(* Let $f\in\mathfrak{D}$ have degree $j$ and $A=R/\operatorname{Ann}_R f$. For all integers $a\ge 0$ and $i$ there are $\mathsf{k}$-vector space isomorphisms $$Q_A(a)_i\cong\frac{(\mathfrak{m}^{\,i}\circ f)_{\le j-a-i}}{(\mathfrak{m}^{\,i}\circ f)_{\le j-a-1-i}+(\mathfrak{m}^{\,i+1}\circ f)_{\le j-a-i}},$$ and $$Q_A^\vee(a)_i\cong\frac{(\mathfrak{m}^{\,j-a-i}\circ f)_{\le i}}{(\mathfrak{m}^{\,j-a-i}\circ f)_{\le i-1}+(\mathfrak{m}^{\,j+1-a-i}\circ f)_{\le i}}.$$
   Context: Let $\mathsf{k}$ be a field, $R=\mathsf{k}\{x_1,\ldots,x_r\}$ the formal power series ring with maximal ideal $\mathfrak{m}=\mathfrak{m}_R$, and $\mathfrak{D}=\mathsf{k}_{DP}[X_1,\ldots,X_r]$ the divided power algebra, on which $R$ acts by contraction ($x^{\alpha}\circ X^{[\beta]}=X^{[\beta-\alpha]}$ if $\beta\ge\alpha$ componentwise, $0$ otherwise). For $f\in\mathfrak{D}$ of degree $j$, $A=R/\operatorname{Ann}_R f$ is Artinian Gorenstein of socle degree $j$ with maximal ideal $\mathfrak{m}_A$. Notation: $\mathfrak{m}^{\,s}\circ f=\{\varphi\circ f:\varphi\in\mathfrak{m}^s\}$, and for a subspace $V\subseteq\mathfrak{D}$, $V_{\le t}=V\cap\mathfrak{D}_{\le t}$ (elements of degree at most $t$). The ideal $C_A(a)$ of $A^*=\bigoplus_i\mathfrak{m}_A^i/\mathfrak{m}_A^{i+1}$ has degree-$i$ part equal to the image in $\mathfrak{m}_A^i/\mathfrak{m}_A^{i+1}$ of $\mathfrak{m}_A^i\cap(0:\mathfrak{m}_A^{\,j+1-a-i})$, and $Q_A(a)=C_A(a)/C_A(a+1)$. The dual $Q_A^\vee(a)$ is graded so that $Q_A^\vee(a)_i=\operatorname{Hom}_{\mathsf{k}}(Q_A(a)_{j-a-i},\mathsf{k})$ (the pairing $Q_A(a)_i\times Q_A(a)_{j-a-i}\to\mathsf{k}$ induced by $(h,h')\mapsto (hh'\circ f)(0)$ is exact). *)

From HB Require Import structures.
From mathcomp Require Import all_boot all_order all_algebra.
From mathcomp Require Import mpoly.
Set Implicit Arguments. Unset Strict Implicit. Unset Printing Implicit Defensive.
Import Order.TTheory GRing.Theory Num.Theory.
Local Open Scope ring_scope.

(* R = k{x_1,...,x_r}: formal power series, i.e. arbitrary coefficient       *)
(* functions on monomials x^alpha, alpha : 'X_{1..r}.                        *)
Definition pseries (k : fieldType) (r : nat) := 'X_{1..r} -> k.

Section Defs.
Variables (k : fieldType) (r : nat).
Local Notation R := (pseries k r).
(* D = k_DP[X_1..X_r], as a k-vector space: the divided power monomial       *)
(* X^[beta] is represented by the monomial 'X_[beta] of {mpoly k[r]}; only    *)
(* the vector space structure, the degree and the contraction action are      *)
(* used (never the product of D).                                            *)
Local Notation D := {mpoly k[r]}.

Definition ps_add (p q : R) : R := fun m => p m + q m.
Definition ps_scale (c : k) (p : R) : R := fun m => c * p m.
Definition ps_mul (p q : R) : R := fun m =>
  \sum_(g : 'X_{1..r < (mdeg m).+1} | ((g : 'X_{1..r}) <= m)%MM)
     p g * q (m - g)%MM.
Lemma fin_upper n (P : nat -> R -> Prop) :
  (forall k x y, x <= y -> P k x -> P k y) ->
  (forall k, (k < n)%nat -> exists x, P k x) ->
  exists x, forall k, (k < n)%nat -> P k x.
Proof.
  intros Hup. induction n as [|n IH]; intros H; [exists 0; intros; lia|].
  destruct IH as [x Hx]; [intros; apply H; lia|].
  destruct (H n) as [y Hy]; [lia|].
  exists (Rmax x y). intros k Hk. destruct (Nat.eq_dec k n) as [->|].
  - eapply Hup; [apply Rmax_r | exact Hy].
  - eapply Hup; [apply Rmax_l | apply Hx; lia].
Qed.

Lemma fin_lower n (P : nat -> R -> Prop) :
  (forall k x y, 0 < y <= x -> P k x -> P k y) ->
  (forall k, (k < n)%nat -> exists x, 0 < x /\ P k x) ->
  exists x, 0 < x /\ forall k, (k < n)%nat -> P k x.
Proof.
  intros Hdown. induction n as [|n IH]; intros H; [exists 1; split; [lra | intros; lia]|].
  destruct IH as [x [Hx0 Hx]]; [intros; apply H; lia|].
  destruct (H n) as [y [Hy0 Hy]]; [lia|].
  assert (Hm : 0 < Rmin x y) by (apply Rmin_pos; assumption).
  exists (Rmin x y). split; [exact Hm|]. intros k Hk. destruct (Nat.eq_dec k n) as [->|].
  - eapply Hdown; [split; [exact Hm | apply Rmin_r] | exact Hy].
  - eapply Hdown; [split; [exact Hm | apply Rmin_l] | apply Hx; lia].
Qed.

Lemma fin_upper2 n r (P : nat -> nat -> R -> Prop) :
  (forall i c x y, x <= y -> P i c x -> P i c y) ->
  (forall i c, (i < n)%nat -> (c < r)%nat -> exists x, P i c x) ->
  exists x, forall i c, (i < n)%nat -> (c < r)%nat -> P i c x.
Proof.
  intros Hup H.
  destruct (fin_upper n (fun i x => forall c, (c < r)%nat -> P i c x)) as [x Hx].
  - intros i x y Hxy Hx c Hc. eapply Hup; eauto.
  - intros i Hi. apply fin_upper; [intros; eapply Hup; eauto | intros; apply H; auto].
  - exists x. intros i c Hi Hc. apply Hx; assumption.
Qed.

__Task description__: Read the entries and pick out all lines that include the word "mathcomp".

__Output for this task__:
From mathcomp Require Import all_boot all_order all_algebra.
From mathcomp Require Import mpoly.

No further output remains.